== Segment start ==

(* Properness separates distinct orbits through a compact Hausdorff set K:
   covering the compact set Theta^-1(K x K) by the sets of the previous lemma
   gives neighbourhoods A of x and B of y such that no arrow moves a point of
   B /\ K into A /\ K. *)
Lemma proper_orbit_separation (K : set (sX X)) (x y : sX X) :
  proper_action X -> compact (open (tX X)) K -> hausdorff (open (tX X)) K ->
  K x -> K y -> orbit_map X x <> orbit_map X y ->
  exists A B, open (tX X) A /\ open (tX X) B /\ A x /\ B y /\
    (forall g b, gsrc g = sanchor X b -> K b -> K (sact X g b) ->
       A (sact X g b) -> B b -> False).
Proof.
  intros Hpr HK HH Kx Ky Hne.
  set (N := rect_nbhds (tX X) (tX X) x y).
  destruct (Hpr (rect K K) (compact_prod (tX X) (tX X) K K HK HK)
              (fun O => prod_open (open (tG G)) (open (tX X)) O /\
                        exists W, N W /\ keeps_apart K O W))
    as [l [Hl Hlc]].
  - intros O [HO _]; exact HO.
  - intros [g b] [Hgb [Ka Kb]].
    destruct (local_orbit_separation K x y g b HH Kx Ky Hne Hgb Ka Kb)
      as [O [HO [Ogb HW]]].
    exists O; auto.
  - destruct (filter_base_list N (keeps_apart K) l)
      as [W [[A [B [HA [HB [Ax [By HAB]]]]]] HWl]].
    + apply rect_nbhds_filter.
    + intros O W W' HQ Hsub p Hp Op HKp W'p. exact (HQ p Hp Op HKp (Hsub _ W'p)).
    + intros O HO. destruct (Hl O HO) as [_ HQ]; exact HQ.
    + exists A, B. split; [exact HA |]. split; [exact HB |]. split; [exact Ax |].
      split; [exact By |].
      intros g b Hg Kb Ka Aa Bb.
      assert (HKp : rect K K (Theta X (g, b))) by (split; assumption).
      destruct (Hlc (g, b) (conj Hg HKp)) as [O [HO Op]].
      apply (HWl O HO (g, b) Hg Op HKp), HAB. split; assumption.
Qed.

Lemma orbit_image_hausdorff (C K : set (sX X)) :
  open_map (open (tG G)) (open (tG0 G)) (@grng G) -> proper_action X ->
  nbhd (open (tX X)) K C -> compact (open (tX X)) K -> hausdorff (open (tX X)) K ->
  hausdorff (quotient_open X) (image (orbit_map X) C).
Proof.
  intros Hrng Hpr [U [HU [CU UK]]] HK HH.
  intros Sx Sy [x [Cx <-]] [y [Cy <-]] Hne.
  destruct (proper_orbit_separation K x y Hpr HK HH (UK x (CU x Cx)) (UK y (CU y Cy)) Hne)
    as [A [B [HA [HB [Ax [By Hsep]]]]]].
  exists (image (orbit_map X) (fun z => A z /\ U z)),
         (image (orbit_map X) (fun z => B z /\ U z)).
  split; [apply orbit_image_open, open_inter; auto |].
  split; [apply orbit_image_open, open_inter; auto |].
  split; [exists x; auto |]. split; [exists y; auto |].
  intros S _ [a [[Aa Ua] Ea]] [b [[Bb Ub] Eb]].
  rewrite <- Eb in Ea. destruct (orbit_map_eq a b Ea) as [g [Hg Eg]].
  rewrite <- Eg in Aa, Ua.
  exact (Hsep g b Hg (UK b Ub) (UK _ Ua) Aa Bb).
Qed.

End OrbitSpace.

Theorem mainTheorem3 (G : groupoid) (X : gspace G) :
  lclh_groupoid G ->
  loc_compact_loc_hausdorff (open (tX X)) ->
  proper_action X ->
  loc_compact_loc_hausdorff (quotient_open X) /\
  (forall C K : set (sX X),
     compact (open (tX X)) C ->
     nbhd (open (tX X)) K C -> compact (open (tX X)) K -> hausdorff (open (tX X)) K ->
     hausdorff (quotient_open X) (image (orbit_map X) C)).
Proof.
  intros [_ [_ Hrng]] HX Hpr. split.
  2: { intros C K _. apply orbit_image_hausdorff; assumption. }
  intros S. destruct (orbit_map_surjective G X S) as [x ->].
  destruct (HX x) as [K [[U [HU [Ux UK]]] [HK HH]]].
  destruct (compact_nbhd_shrink (tX X) K U x HK HH HU (Ux x eq_refl) UK)
    as [V [C [HV [Vx [VC [CU HC]]]]]].
  exists (image (orbit_map X) C). split; [| split].
  - exists (image (orbit_map X) V). split; [apply orbit_image_open; assumption |].
    split; [intros T ->; exists x; auto |].
    intros T [z [Vz <-]]. exists z; auto.
  - apply (compact_image _ _ _ C (orbit_map_continuous G X) HC).
  - apply (orbit_image_hausdorff G X C K Hrng Hpr); [| assumption | assumption].
    exists U. auto.
Qed.
(* \oplus rho (x) S_a (x) S_b is a local Arthur parameter of good parity
   for G_n of the given kind *)
Definition good_parity_AP (S : mseg) (g : group_kind) (n : nat) : Prop :=
  (forall r, r \in domf S -> forall s, s \in segs S r ->
       (sA s + sB s \is a Num.int) /\ (0 <= sA s + sB s)%R) /\
  match g with
  | SOodd =>
      (* dual group Sp_{2n}(C): all summands symplectic, dimension 2n *)
      (forall r, r \in domf S -> forall s, s \in segs S r -> summand_symp r s) /\
      (\sum_(r <- enum_fset (domf S)) \sum_(s <- segs S r)
           deg r * anat s * bnat s)%N = (2 * n)%N
  | Spev =>
      (* dual group SO_{2n+1}(C): all summands orthogonal, dimension
         2n+1, trivial determinant *)
      (forall r, r \in domf S -> forall s, s \in segs S r -> ~~ summand_symp r s) /\
      (\sum_(r <- enum_fset (domf S)) \sum_(s <- segs S r)
           deg r * anat s * bnat s)%N = (2 * n).+1 /\
      \sum_(r <- enum_fset (domf S)) \sum_(s <- segs S r)
           detc r *+ (anat s * bnat s) = 0
  end.

Definition parity_sum (S : mseg) : int :=
  \sum_(r <- enum_fset (domf S))
    \sum_(i < size (segs S r))
      ((smu (sg S r i) %/ 2)%Z +
       smu (sg S r i) * (\sum_(j < i) ((bnat (sg S r j))%:Z - 1))).

Definition formal_ext_ms (S : mseg) : Prop :=
  (forall r, r \in domf S -> forall s, s \in segs S r -> formal_seg s) /\
  (forall r i j, (i < size (segs S r))%N -> (j < size (segs S r))%N ->
      sA (sg S r j) < sA (sg S r i) -> sB (sg S r j) < sB (sg S r i) ->
      (j < i)%N) /\
  (forall r, r \in domf S -> forall s, s \in segs S r -> 0 <= sA s + sB s) /\
  (exists g n, good_parity_AP S g n) /\
  (2 %| parity_sum S)%Z.

Definition ext_ms (S : mseg) : Prop :=
  formal_ext_ms S /\ (forall r, r \in domf S -> forall s, s \in segs S r -> ext_seg s).
(* Let $r=r(n)\ge 2$ with $r=o(n^{1/2})$. Then $\Pr(\mathcal C\mid\mathcal A_2)=o(1)$ as $n\to\infty$, where $\mathcal C$ is the event that a third edge $e_3$ is chosen, $e_3\supseteq e_1\cap e_2$, and $e_3$ contains at least one vertex of $(e_1\setminus e_2)\cup(e_2\setminus e_1)$.
   Context: Random intersecting process: Let $[n]=\{1,\dots,n\}$ and $\binom{[n]}{r}$ the family of $r$-subsets of $[n]$. Choose $e_1$ uniformly at random from $\binom{[n]}{r}$. Given $\mathcal F_i=\{e_1,\dots,e_i\}$, let $\mathcal A(\mathcal F_i)=\{e\in\binom{[n]}{r}: e\notin\mathcal F_i,\ e\cap e_j\neq\emptyset \text{ for all } 1\le j\le i\}$, and choose $e_{i+1}$ uniformly at random from $\mathcal A(\mathcal F_i)$. The process halts when $\mathcal A(\mathcal F_i)=\emptyset$. $\mathcal A_2$ is the event that at least two edges are chosen and $|e_1\cap e_2|=1$. *)

From HB Require Import structures.
From mathcomp Require Import all_boot all_order all_algebra.
Unset Printing Implicit Defensive.
Import Order.TTheory GRing.Theory Num.Theory.
Local Open Scope ring_scope.

(* A(F): r-subsets of [n] (modelled as 'I_n) not in F meeting every edge of F.
   For F = [::] this is all r-subsets, the law of e_1. *)
Definition adm (n r : nat) (F : seq {set 'I_n}) : {set {set 'I_n}} :=
  [set e : {set 'I_n} | [&& #|e| == r, e \notin F & all (fun f => e :&: f != set0) F]].

Definition pstep (n r : nat) (F : seq {set 'I_n}) : rat := (#|adm n r F|%:R)^-1.

Definition PrA2 (n r : nat) : rat :=
  \sum_(e1 in adm n r [::])
    \sum_(e2 in adm n r [:: e1] | #|e1 :&: e2| == 1%N)
      pstep n r [::] * pstep n r [:: e1].

Definition eventC {n : nat} (e1 e2 e3 : {set 'I_n}) : bool :=
  (e1 :&: e2 \subset e3) && (e3 :&: ((e1 :\: e2) :|: (e2 :\: e1)) != set0).

Definition PrCA2 (n r : nat) : rat :=
  \sum_(e1 in adm n r [::])
    \sum_(e2 in adm n r [:: e1] | #|e1 :&: e2| == 1%N)
      \sum_(e3 in adm n r [:: e1; e2] | eventC e1 e2 e3)
        pstep n r [::] * pstep n r [:: e1] * pstep n r [:: e1; e2].

Definition PrC_given_A2 (n r : nat) : rat := PrCA2 n r / PrA2 n r.

From HB Require Import structures.
From mathcomp Require Import all_boot all_order all_algebra.
From mathcomp Require Import zify lra.
Import Order.TTheory GRing.Theory Num.Theory.

(* Given A_2 with e1 :&: e2 = {v}, every r-set through v other than e1, e2 is
   admissible as e3, so there are at least C(n-1, r-1) - 2 choices.  An e3 in C
   contains v and one of the 2(r-1) vertices of the symmetric difference, so
   there are at most 2(r-1) C(n-2, r-2) = 2(r-1)^2 C(n-1, r-1) / (n-1) of them.
   The conditional probability of C is thus O(r^2/n) for every such pair, and
   Pr(C | A_2) is an average of these. *)

Lemma leq_card_bigcup (T I : finType) (D : {pred I}) (F : I -> {set T}) :
  (#|\bigcup_(i in D) F i| <= \sum_(i in D) #|F i|)%N.
Proof.
elim/big_ind2: _ => [|m A k B leAm leBk|//]; first by rewrite cards0.
by rewrite (leq_trans (leq_card_setU A B)) ?leq_add.
Qed.

Lemma card_supsets (T : finType) (A : {set T}) k : (#|A| <= k)%N ->
  #|[set S : {set T} | A \subset S & #|S| == k]| = 'C(#|T| - #|A|, k - #|A|).
Proof.
move=> leAk; have cardAC : #|~: A| = (#|T| - #|A|)%N by rewrite cardsCs setCK.
rewrite -cardAC -cards_draws.
have -> : [set S : {set T} | A \subset S & #|S| == k] =
          [set B :|: A | B in [set B : {set T} | B \subset ~: A & #|B| == k - #|A|]].
  apply/setP => S; rewrite inE; apply/andP/imsetP => [[sAS /eqP cS]|[B]].
    exists (S :\: A); first by rewrite inE subsetDr cardsDS // cS eqxx.
    by rewrite setUC -{1}(setIidPr sAS) setID.
  rewrite inE -disjoints_subset => /andP[dBA /eqP cB] ->.
  by rewrite subsetUr cardsU (disjoint_setI0 dBA) cards0 subn0 cB subnK.
rewrite card_in_imset // => B1 B2; rewrite !inE -!disjoints_subset.
move=> /andP[d1 _] /andP[d2 _] /(congr1 (fun S => S :\: A)).
by rewrite !setDUl setDv !setU0 (setDidPl d1) (setDidPl d2).
Qed.

Lemma card_adm_ge n r (F : seq {set 'I_n}) v : (1 <= r)%N ->
  (forall f, f \in F -> v \in f) -> ('C(n - 1, r - 1) <= #|adm n r F| + size F)%N.
Proof.
move=> r_gt0 vF.
rewrite -{1}(card_ord n) -(cards1 v) -card_supsets ?cards1 //.
apply: leq_trans (leq_add (leqnn _) (card_size F)).
rewrite -[#|F|]cardsE; apply: leq_trans (leq_card_setU _ _); apply: subset_leq_card.
apply/subsetP => S; rewrite !inE sub1set => /andP[vS cS].
have [_|_] := boolP (S \in F); first by rewrite orbT.
rewrite cS orbF /=.
by apply/allP => f /vF vf; apply/set0Pn; exists v; rewrite inE vS.
Qed.

Lemma card_eventC_le n k (e1 e2 : {set 'I_n}) v : (2 <= k)%N ->
  #|e1| = k -> #|e2| = k -> e1 :&: e2 = [set v] ->
  (#|[set e3 : {set 'I_n} | (#|e3| == k) && eventC e1 e2 e3]|
     <= 2 * (k - 1) * 'C(n - 2, k - 2))%N.
Proof.
move=> k_ge2 c1 c2 e12.
set D := (e1 :\: e2) :|: (e2 :\: e1).
have cardD : (#|D| <= 2 * (k - 1))%N.
  rewrite (leq_trans (leq_card_setU _ _)) // !cardsD [e2 :&: e1]setIC e12 cards1 c1 c2.
  lia.
have /setIP[v1 v2] : v \in e1 :&: e2 by rewrite e12 set11.
have vD : v \notin D by rewrite !inE v1 v2.
apply: (@leq_trans #|\bigcup_(u in D) [set S : {set 'I_n} | [set u; v] \subset S & #|S| == k]|).
  apply/subset_leq_card/subsetP => S; rewrite inE /eventC e12 sub1set.
  case/and3P=> cS vS /set0Pn[u]; rewrite inE => /andP[uS uD].
  by apply/bigcupP; exists u; rewrite // inE subUset !sub1set uS vS.
apply: leq_trans (leq_card_bigcup _ _ _ _) _.
rewrite (eq_bigr (fun=> 'C(n - 2, k - 2))) => [|u uD]; last first.
  have uv : u != v by apply: contraNneq vD => <-.
  by rewrite card_supsets cards2 uv ?card_ord.
by rewrite sum_nat_const leq_mul2r cardD orbT.
Qed.

Lemma leq_bin_ratio n k c a : (2 <= k)%N -> (4 * k ^ 2 <= n)%N ->
  (c <= 2 * (k - 1) * 'C(n - 2, k - 2))%N -> ('C(n - 1, k - 1) <= a + 2)%N ->
  (c * n <= 4 * k ^ 2 * a)%N.
Proof.
move=> k_ge2 kn le_c le_bin.
have diag : ((n - 1) * 'C(n - 2, k - 2) = (k - 1) * 'C(n - 1, k - 1))%N.
  by have := mul_bin_diag (n - 1) (k - 2); rewrite -subn1 -subnDA subnSK.
have X_gt0 : (0 < 'C(n - 2, k - 2))%N by rewrite bin_gt0; nia.
(* With X = C(n-2, k-2) >= 1 and 4 k <= n:
   n X <= 2 (n + 1 - 2 k) X <= 2 ((n - 1) X - 2 (k - 1)) = 2 (k - 1) (C(n-1, k-1) - 2). *)
have nX : (n * 'C(n - 2, k - 2) <= 2 * (k - 1) * a)%N by nia.
nia.
Qed.

Local Open Scope ring_scope.

Lemma ler_div_of_le_mul (R : numFieldType) (a b c : R) :
  0 <= c -> 0 <= b -> a <= c * b -> a / b <= c.
Proof.
move=> c_ge0; rewrite le0r => /predU1P[-> | b_gt0]; last by rewrite ler_pdivrMr.
by move=> _; rewrite invr0 mulr0.
Qed.

Lemma PrC_given_pair_le n k (e1 e2 : {set 'I_n}) v (eps : rat) :
  (2 <= k)%N -> (4 * k ^ 2 <= n)%N -> (4 * k ^ 2)%:R <= eps * n%:R ->
  #|e1| = k -> #|e2| = k -> e1 :&: e2 = [set v] ->
  \sum_(e3 in adm n k [:: e1; e2] | eventC e1 e2 e3) pstep n k [:: e1; e2] <= eps.
Proof.
move=> k_ge2 kn kn_eps c1 c2 e12.
have /setIP[v1 v2] : v \in e1 :&: e2 by rewrite e12 set11.
set C := [set e3 in adm n k [:: e1; e2] | eventC e1 e2 e3].
set a := #|adm n k [:: e1; e2]|.
have n_gt0 : 0 < n%:R :> rat by rewrite ltr0n; nia.
have eps_gt0 : 0 < eps.
  by rewrite -(pmulr_lgt0 _ n_gt0) (lt_le_trans _ kn_eps) // ltr0n; nia.
have le_C : (#|C| <= 2 * (k - 1) * 'C(n - 2, k - 2))%N.
  apply: leq_trans _ (card_eventC_le _ _ _ _ _ k_ge2 c1 c2 e12).
  by apply/subset_leq_card/subsetP => e3; rewrite !inE => /andP[/and3P[-> _ _] ->].
have ge_adm : ('C(n - 1, k - 1) <= a + 2)%N.
  by apply: (card_adm_ge _ _ _ v); [nia | move=> f; rewrite !inE => /pred2P[]->].
have Cn_le := leq_bin_ratio _ _ _ _ k_ge2 kn le_C ge_adm.
rewrite (eq_bigl (mem C)) => [|e3]; last by rewrite !inE.
rewrite sumr_const -mulr_natr mulrC; apply: ler_div_of_le_mul; [exact: ltW | exact: ler0n |].
rewrite -(ler_pM2r n_gt0) -natrM (le_trans (_ : _ <= (4 * k ^ 2 * a)%:R)) ?ler_nat //.
by rewrite natrM mulrAC ler_wpM2r.
Qed.

Theorem lemma4 (r : nat -> nat)
  (hr2 : forall n : nat, (2 <= r n)%N)
  (hro : forall eps : rat, 0 < eps ->
           exists N : nat, forall n : nat, (N <= n)%N ->
             ((r n) ^ 2)%:R <= eps * n%:R) :
  forall eps : rat, 0 < eps ->
    exists N : nat, forall n : nat, (N <= n)%N ->
      PrC_given_A2 n (r n) <= eps.
Proof.
move=> eps eps_gt0.
have [N1 hN1] := hro (eps / 4) ltac:(by rewrite divr_gt0).
have [N2 hN2] := hro (1 / 4) ltac:(by []).
exists (maxn N1 N2) => n; rewrite geq_max => /andP[/hN1 rn_eps /hN2 rn].
have kn : (4 * r n ^ 2 <= n)%N by rewrite -(ler_nat rat) natrM; move: rn; lra.
have kn_eps : (4 * r n ^ 2)%:R <= eps * n%:R by rewrite natrM; move: rn_eps; lra.
have pstep_ge0 F : 0 <= pstep n (r n) F by rewrite invr_ge0.
have PrA2_ge0 : 0 <= PrA2 n (r n).
  by do 2![apply: sumr_ge0 => ? _]; apply: mulr_ge0.
apply: ler_div_of_le_mul; [exact: ltW | exact: PrA2_ge0 |].
rewrite /PrCA2 /PrA2 mulr_sumr; apply: ler_sum => e1; rewrite inE => /and3P[/eqP c1 _ _].
rewrite mulr_sumr; apply: ler_sum => e2 /andP[]; rewrite inE => /and3P[/eqP c2 _ _].
move=> /cards1P[v e12]; rewrite -mulr_sumr mulrC ler_wpM2r ?mulr_ge0 //.
exact: PrC_given_pair_le _ _ _ _ _ _ (hr2 n) kn kn_eps c1 c2 e12.
Qed.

== Segment end ==

- Problem requirements -
Your task for the entries above: copy exactly the span starting with the line with "loc_compact_loc_hausdorff (open (tX X)) ->" and going on through the line with "destruct (compact_nbhd_shrink (tX", both lines included, and nothing else.

- Completed exercise -
  loc_compact_loc_hausdorff (open (tX X)) ->
  proper_action X ->
  loc_compact_loc_hausdorff (quotient_open X) /\
  (forall C K : set (sX X),
     compact (open (tX X)) C ->
     nbhd (open (tX X)) K C -> compact (open (tX X)) K -> hausdorff (open (tX X)) K ->
     hausdorff (quotient_open X) (image (orbit_map X) C)).
Proof.
  intros [_ [_ Hrng]] HX Hpr. split.
  2: { intros C K _. apply orbit_image_hausdorff; assumption. }
  intros S. destruct (orbit_map_surjective G X S) as [x ->].
  destruct (HX x) as [K [[U [HU [Ux UK]]] [HK HH]]].
  destruct (compact_nbhd_shrink (tX X) K U x HK HH HU (Ux x eq_refl) UK)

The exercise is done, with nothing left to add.